Templates with drop-down menus facilitate data entry. However, drop-down menus are usually integrated with other automated features. An entry error (accidentally selecting the medication above or below the one desired on the menu) may be perpetuated elsewhere in the EHR—and it may be overlooked, resulting in a new potential for error. Erroneous information, once entered into the EHR, is easily perpetuated and disseminated.
EHRs provide e-prescribing drug information and CDS databases. Clinicians should know the source of the medication and CDS information in their EHRs, because it may be in conflict with the clinical standards of care or practice guidelines for their specialty and with the information in U.S. Food and Drug Administration (FDA)–approved drug labels or drug alerts.
Computer-assisted documentation uses point-and-click lists, drop-down menus, autofill, templates, and canned text to bypass natural language and produce structured progress notes. These contain redundant, formulaic information, making it easy to overlook significant clinical information that is lost in a sea of normal or irrelevant findings. Communication with on-call and consulting physicians may be compromised, and abnormal lab and imaging test results may be missed.
CDS provides alerts, warnings, and reminders for medication and chronic disease management and preventive care, but physicians may have to justify departures from these guidelines (documented in the EHR’s native format) if an adverse event occurs. Always document why a prompt was overridden.
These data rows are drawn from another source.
(* Let $F=(f_1,\dots,f_s)\subset\mathbb K[X]$ generate a zero-dimensional ideal $J$ with $d=\dim_{\mathbb K}\mathbb K[X]/J$, let $\mathcal B=\{b_1,\dots,b_d\}$ be any set of monomials whose classes form a basis of $\mathbb K[X]/J$ (not necessarily a standard basis), and let $a\neq1$ be a monomial. Let $T_a\in\mathbb K^{d\times d}$ be the matrix of multiplication by $a$ on $\mathbb K[X]/J$ in the basis $\mathcal B$, i.e. $[a b_i]=\sum_j t_{ij}[b_j]$, and put $V=a\,\mathbf b-T_a\mathbf b$, where $\mathbf b=(b_1,\dots,b_d)^\top$. Suppose $H\in\mathbb K[X]^{d\times s}$ satisfies $V=H\,(f_1,\dots,f_s)^\top$. For $k=1,\dots,s$ let $A_k$ be the set of monomials occurring in at least one entry of the $k$-th column of $H$, and $A=(A_1,\dots,A_s)$. Then the Macaulay matrix $M(A\cdot F)$ is an elimination template for $F$ with respect to $a$ (and $\mathcal B$).
   Context: $[X]$ denotes the set of monomials in $X=\{x_1,\dots,x_k\}$. For a finite tuple of polynomials $P=(p_1,\dots,p_t)$, $[X]_P$ is the set of all monomials appearing in the $p_i$; if $[X]_P=\{m_1,\dots,m_n\}$, the Macaulay matrix $M(P)\in\mathbb K^{t\times n}$ has $(i,j)$ entry equal to the coefficient of $m_j$ in $p_i$. For $A=(A_1,\dots,A_s)$ with $A_j\subset[X]$ finite, the set of shifts is $A\cdot F=\{m f_j: m\in A_j,\ 1\le j\le s\}$. Given a monomial basis $\mathcal B$ of $\mathbb K[X]/\langle F\rangle$ (a set of monomials whose classes form a basis) and an action monomial $a$, set $\mathcal R=\{ab: b\in\mathcal B\}\setminus\mathcal B$ (reducible monomials), $\overline{\mathcal B}=\mathcal B\cap[X]_{A\cdot F}$ (basic monomials present), and $\mathcal E=[X]_{A\cdot F}\setminus(\mathcal R\cup\mathcal B)$ (excessive monomials). The Macaulay matrix $M(A\cdot F)$ with columns arranged in blocks $[\,M_{\mathcal E}\ M_{\mathcal R}\ M_{\overline{\mathcal B}}\,]$ is called an elimination template for $F$ with respect to $a$ if (1) $\mathcal R\subset[X]_{A\cdot F}$, and (2) its reduced row echelon form is $$\begin{bmatrix} * & 0 & * \\ 0 & I & \widetilde M_{\overline{\mathcal B}} \\ 0 & 0 & 0\end{bmatrix},$$ where $*$ denotes arbitrary submatrices, $0$ zero matrices of suitable sizes, $I$ the identity matrix of order $\#\mathcal R$, and $\widetilde M_{\overline{\mathcal B}}$ is a $\#\mathcal R\times\#\overline{\mathcal B}$ matrix (column blocks correspond to $\mathcal E$, $\mathcal R$, $\overline{\mathcal B}$). *)

From HB Require Import structures.
From mathcomp Require Import all_boot all_order all_algebra.
From mathcomp Require Import mpoly.
Set Implicit Arguments. Unset Strict Implicit. Unset Printing Implicit Defensive.
Import Order.TTheory GRing.Theory.
Local Open Scope ring_scope.

Section Defs.
Variables (K : fieldType) (n s d : nat).
Notation poly := {mpoly K[n]}.
Notation mon := 'X_{1..n}.

Definition in_ideal (F : 'I_s -> poly) (p : poly) : Prop :=
  exists h : 'I_s -> poly, p = \sum_(k < s) h k * F k.

Definition quotient_basis (F : 'I_s -> poly) (B : 'I_d -> mon) : Prop :=
  (forall p : poly, exists c : 'I_d -> K,
      in_ideal F (p - \sum_(i < d) c i *: 'X_[B i])) /\
  (forall c : 'I_d -> K,
      in_ideal F (\sum_(i < d) c i *: 'X_[B i]) -> forall i, c i = 0).

Definition col_monomials (H : 'I_d -> 'I_s -> poly) (k : 'I_s) : seq mon :=
  undup (flatten [seq msupp (H i k) | i <- enum 'I_d]).

Definition shifts (F : 'I_s -> poly) (A : 'I_s -> seq mon) : seq poly :=
  undup (flatten [seq [seq 'X_[m] * F k | m <- A k] | k <- enum 'I_s]).

Definition monomials_of (P : seq poly) : seq mon :=
  undup (flatten [seq msupp p | p <- P]).

Definition basis_seq (B : 'I_d -> mon) : seq mon := [seq B i | i <- enum 'I_d].

Definition reducible (B : 'I_d -> mon) (a : mon) : seq mon :=
  undup [seq m <- [seq mnm_add a b | b <- basis_seq B] | m \notin basis_seq B].

Definition basic_present (P : seq poly) (B : 'I_d -> mon) : seq mon :=
  [seq b <- basis_seq B | b \in monomials_of P].

Definition excessive (P : seq poly) (B : 'I_d -> mon) (a : mon) : seq mon :=
  [seq m <- monomials_of P | (m \notin reducible B a) && (m \notin basis_seq B)].

Definition columns (P : seq poly) (B : 'I_d -> mon) (a : mon) : seq mon :=
  excessive P B a ++ [seq m <- reducible B a | m \in monomials_of P]
                  ++ basic_present P B.

Definition macaulay (P : seq poly) (cols : seq mon) : 'M[K]_(size P, size cols) :=
  \matrix_(i < size P, j < size cols) (nth 0 P i)@_(nth 0%MM cols j).

End Defs.

Section RREF.
Variables (K : fieldType) (m p : nat).

Definition is_pivot (R : 'M[K]_(m, p)) (i : 'I_m) (j : 'I_p) : Prop :=
  R i j != 0 /\ (forall j' : 'I_p, (j' < j)%N -> R i j' = 0).

Definition is_rref (R : 'M[K]_(m, p)) : Prop :=
  (forall i1 i2 : 'I_m, (i1 <= i2)%N -> (forall j, R i1 j = 0) -> forall j, R i2 j = 0) /\
  (forall i j, is_pivot R i j -> R i j = 1 /\ forall i', i' != i -> R i' j = 0) /\
  (forall (i1 i2 : 'I_m) (j1 j2 : 'I_p), (i1 < i2)%N -> is_pivot R i1 j1 -> is_pivot R i2 j2 -> (j1 < j2)%N).

Definition rref_of (R M : 'M[K]_(m, p)) : Prop :=
  is_rref R /\ exists P : 'M[K]_m, P \in unitmx /\ R = P *m M.

(* block shape [[*, 0, *], [0, I, *], [0, 0, 0]] with column blocks of widths
   e, r, p - e - r, and the identity block of order r *)
Definition template_shape (e r : nat) (R : 'M[K]_(m, p)) : Prop :=
  exists p1 : nat, (p1 + r <= m)%N /\
  forall (i : 'I_m) (j : 'I_p),
    ((i < p1)%N -> (e <= j < e + r)%N -> R i j = 0) /\
    ((p1 <= i < p1 + r)%N -> (j < e + r)%N ->
        R i j = ((e <= j)%N && (j - e == i - p1)%N)%:R) /\
    ((p1 + r <= i)%N -> R i j = 0).

End RREF.

Definition elimination_template (K : fieldType) (n s d : nat)
    (F : 'I_s -> {mpoly K[n]}) (A : 'I_s -> seq 'X_{1..n})
    (B : 'I_d -> 'X_{1..n}) (a : 'X_{1..n}) : Prop :=
  let P := shifts F A in
  let M := macaulay P (columns P B a) in
  {subset reducible B a <= monomials_of P} /\
  exists R, rref_of R M /\
    template_shape (size (excessive P B a)) (size (reducible B a)) R.

From HB Require Import structures.
From mathcomp Require Import all_boot all_order all_algebra.
From mathcomp Require Import mpoly.
From mathcomp Require Import perm zify ring.
Set Implicit Arguments. Unset Strict Implicit. Unset Printing Implicit Defensive.
Import GRing.Theory.
Local Open Scope ring_scope.

(* Every V_i = a b_i - sum_j t_ij b_j equals sum_k H_ik f_k, so it is a linear
   combination of the shifts A.F, i.e. of the rows of M = M(A.F).  Its only
   monomial outside B is the reducible monomial a b_i, with coefficient 1; hence
   every reducible monomial is a column of M, and the row space of M contains, for
   each reducible column, a vector vanishing on the excessive columns and equal to
   1 on that column and 0 on the other reducible ones.  Conversely a combination of
   the rows vanishing on all excessive and reducible columns is a polynomial of J
   supported on B, hence zero because B is a basis modulo J.  These two properties
   of the row space force the reduced row echelon form of M to have the template
   shape: the reducible columns are exactly the pivot columns following those among
   the excessive ones. *)

(** * Reduced row echelon form *)
Section PivotColumn.
Variables (K : fieldType) (m : nat).
Implicit Types v w : 'cV[K]_m.

Lemma pivot_unitmx_at (kk : 'I_m) v : v kk 0 != 0 ->
  exists2 Q : 'M[K]_m, Q \in unitmx &
    Q *m v = delta_mx kk 0 /\
    forall w, w kk 0 = 0 -> Q *m w = w.
Proof.
move=> nz.
set c := v kk 0; set y := v - delta_mx kk 0; set N := y *m delta_mx 0 kk.
have Nw w : N *m w = (w kk 0) *: y.
  rewrite -mulmxA -rowE -mul_mx_scalar; congr (_ *m _).
  by apply/rowP => j; rewrite ord1 !mxE eqxx.
have NN : N *m N = (c - 1) *: N.
  rewrite {1}/N mulmxA Nw -scalemxAl; congr (_ *: _).
  by rewrite !mxE eqxx.
(* [1 + N] is the identity with column [kk] replaced by [v]; [Q] is its inverse. *)
set Q := 1%:M - c^-1 *: N.
have QG : Q *m (1%:M + N) = 1%:M.
  rewrite mulmxDr mulmx1 /Q mulmxBl mul1mx -scalemxAl NN scalerA.
  have -> : c^-1 * (c - 1) = 1 - c^-1 by field.
  by rewrite scalerBl scale1r opprB [N + _]addrC !subrK.
have [uQ uG] := mulmx1_unit QG.
have Gv : (1%:M + N) *m delta_mx kk 0 = v.
  by rewrite mulmxDl mul1mx Nw mxE eqxx eqxx scale1r /y addrC subrK.
have Gw w : w kk 0 = 0 -> (1%:M + N) *m w = w.
  by move=> w0; rewrite mulmxDl mul1mx Nw w0 scale0r addr0.
exists Q => //; split; first by rewrite -Gv mulmxA QG mul1mx.
by move=> w w0; rewrite -{1}(Gw w w0) mulmxA QG mul1mx.
Qed.

Lemma pivot_unitmx (kk i0 : 'I_m) v : (kk <= i0)%N -> v i0 0 != 0 ->
  exists2 Q : 'M[K]_m, Q \in unitmx &
    Q *m v = delta_mx kk 0 /\
    forall w, (forall i : 'I_m, (kk <= i)%N -> w i 0 = 0) -> Q *m w = w.
Proof.
move=> le_kk_i0 nz; set S : 'M[K]_m := tperm_mx i0 kk.
have Sv : (S *m v) kk 0 != 0 by rewrite -xrowE mxE tpermR.
have [Q uQ [Qv Qw]] := pivot_unitmx_at Sv.
exists (Q *m S); first by rewrite unitmx_mul uQ unitmxE det_perm unitrX ?unitrN ?unitr1.
split; first by rewrite -mulmxA.
move=> w w0; have Sw : S *m w = w.
  by apply/colP => i; rewrite -xrowE mxE; case: tpermP => [->|->|//]; rewrite !w0.
by rewrite -mulmxA Sw Qw ?w0.
Qed.

End PivotColumn.

Section PivotForm.
Variables (K : fieldType) (m p : nat).
Implicit Types (R M : 'M[K]_(m, p)) (c k : nat) (piv : nat -> nat).

(* The first [c] columns of [R] are in reduced row echelon form, the pivot of
   row [i < k] sitting in column [piv i]. *)
Record pivot_form R c k piv : Prop := PivotForm {
  pivot_rows : (k <= m)%N;
  pivot_below : forall (i : 'I_m) (j : 'I_p), (k <= i)%N -> (j < c)%N -> R i j = 0;
  pivot_lt : forall i, (i < k)%N -> (piv i < c)%N;
  pivot_before : forall (i : 'I_m) (j : 'I_p), (i < k)%N -> (j < piv i)%N -> R i j = 0;
  pivot_one : forall (i : 'I_m) (j : 'I_p), (i < k)%N -> j = piv i :> nat -> R i j = 1;
  pivot_col : forall (i i' : 'I_m) (j : 'I_p),
    (i < k)%N -> j = piv i :> nat -> i' != i -> R i' j = 0;
  pivot_incr : forall i i', (i < i')%N -> (i' < k)%N -> (piv i < piv i')%N
}.

Lemma pivot_form_zero_col R c k piv (jc : 'I_p) : jc = c :> nat ->
  pivot_form R c k piv -> (forall i : 'I_m, (k <= i)%N -> R i jc = 0) ->
  pivot_form R c.+1 k piv.
Proof.
move=> jc_c [km below lt before one col incr] zero_jc.
split => // [i j le_k_i|i /lt/ltnW //].
rewrite ltnS leq_eqVlt => /orP [/eqP j_c|]; last exact: below.
have -> : j = jc by apply: val_inj => /=; rewrite jc_c.
exact: zero_jc.
Qed.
Don’t allow staff to use office computers to visit websites for personal purposes, an activity that creates opportunities for hackers to compromise patient data and violate the Health Insurance Portability and Accountability Act of 1996 (HIPAA). Staff should not be allowed to use the physician’s password to review, update, or sign off on lab and imaging results. Allowing this type of activity could result in a report being filed without the physician seeing it.
EHR notes are dated and time-stamped when they are created—which will not reflect the time the patient was seen if the note is entered later. It is important to document the EHR note with the date and time the patient was actually seen.
The guidelines suggested here are not rules, do not constitute legal advice, and do not ensure a successful outcome. The ultimate decision regarding the appropriateness of any treatment must be made by each healthcare provider in light of all circumstances prevailing in the individual situation and in accordance with the laws of the jurisdiction in which the care is rendered.